Despite the fact that some of the companion crops (corn poppy, red campion, corn flower) were flowering again, combine harvesting was possible on 20th August without any problems with a stubble height of approx. 10 cm.

Whereas an excellent yield of 94 dt/ha was obtained in variant A (conventional), the yield in variant C (CRF-reduced) was 25 % lower at 70 dt/ha. With 82 dt/ha, the grain yield of variant D (CRF-optimised) was at a similar level to the yield of variant B (modern) with 86 dt/ha.

Since the trial was set up purely as a block design without repetition, the results are not statistically corroborated. However, the significant loss of yield in variant C is a good indicator of what is likely to occur if provision is made for biodiversity.

On 19th March 2022, oats of the Lion variety were sown in the Controlled Row Farming trial at Gut Wambergen. Interesting insights into the various control strategies against weeds were obtained after the harvest.

The cultivation system follows the same principle of the last few years:

• Standard (A) with 12.5 cm row spacing and 300 seeds/sq m - with the usual full-width spraying
• Modern (B) with 25 cm row spacing and 200 seeds/sq m - with the usual full-width spraying
• CRF-reduced (C) with double row at 50 cm and 2 x 12.5 cm row spacing and 200 seeds/sq m - with hoe, undersown crop and band spraying
• CRF-optimised (D) with double row at 50 cm and 2 x 12.5 cm row spacing and 200 seeds/sq m - with the usual full-width spraying

In accordance with the strategy which is usual in the region, 50 g/ha Pointer Plus and 1 l/ha U46M were applied to all variants on 28th April for weed control. The application was full-width in variants A, B and D. The identical spray rate per hectare was applied as a band spray in variant C. With a band width of 20 cm, we achieved herbicide savings of 60 %.

On the same date, hoeing was carried out in a single pass, band application of the herbicide on the double row was provided and 18 kg/ha of red clover was sown in the 30 cm intermediate area.

In addition, an application of fungicide and growth regulator was provided on 15th May. This application was not varied in the trial.

Field emergence was delayed and the competitive vigour of the oats was strong owing to the dry conditions after hoeing. The promotion of biodiversity was not very successful in the main growth phase of this summer cereal.

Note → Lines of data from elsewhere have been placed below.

Definition QRl : Type := {K : set R | K !=set0 /\ sorg_compact K}.

Definition QRl_le (K L : QRl) : Prop := proj1_sig L `<=` proj1_sig K.
End Sorgenfrey.

Section Scott.
Variables (T : Type) (le : T -> T -> Prop).

Definition directed (D : set T) : Prop :=
  D !=set0 /\ forall x y, D x -> D y -> exists z, [/\ D z, le x z & le y z].

Definition is_sup (D : set T) (s : T) : Prop :=
  (forall d, D d -> le d s) /\ (forall u, (forall d, D d -> le d u) -> le s u).

Definition upper_set (U : set T) : Prop := forall x y, U x -> le x y -> U y.

Definition scott_open (U : set T) : Prop :=
  upper_set U /\
  forall D s, directed D -> is_sup D s -> U s -> exists d, D d /\ U d.
End Scott.

(** * Core-compactness: the lattice of open sets is a continuous lattice.
    The opens, ordered by inclusion, form a complete lattice in which
    (directed) joins are unions. *)
Section CoreCompact.
Variables (T : Type) (op : set (set T)).

Definition way_below (U V : set T) : Prop :=
  forall D : set (set T), D `<=` op ->
  directed (fun A B => A `<=` B) D ->
  V `<=` \bigcup_(W in D) W -> exists W, D W /\ U `<=` W.

Definition core_compact : Prop :=
  forall V, op V -> V = \bigcup_(U in [set U | op U /\ way_below U V]) U.
End CoreCompact.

The appearance of the trial variants after the harvest is all the more interesting. The oats were threshed on 25th July with yields of around 70 dt/ha.

The increased emergence of annual meadow grass (Poa annua) in some variants after the harvest is conspicuous. Annual meadow grass is a problem weed on this site and is not completely controlled by the herbicide used.

Extremely low weed persistence is apparent in the customary “Standard“ variant. As is known, oats suppress weeds very well at close row spacings.

The population of annual meadow grass is worth controlling in variant B with a 25 cm row spacing. With the same herbicide application, it can be assumed that the greater and longer light incidence promoted the growth of the meadow grass. Shallow soil tillage or a total herbicide after the harvest would be appropriate, in order to prevent the spread of the meadow grass.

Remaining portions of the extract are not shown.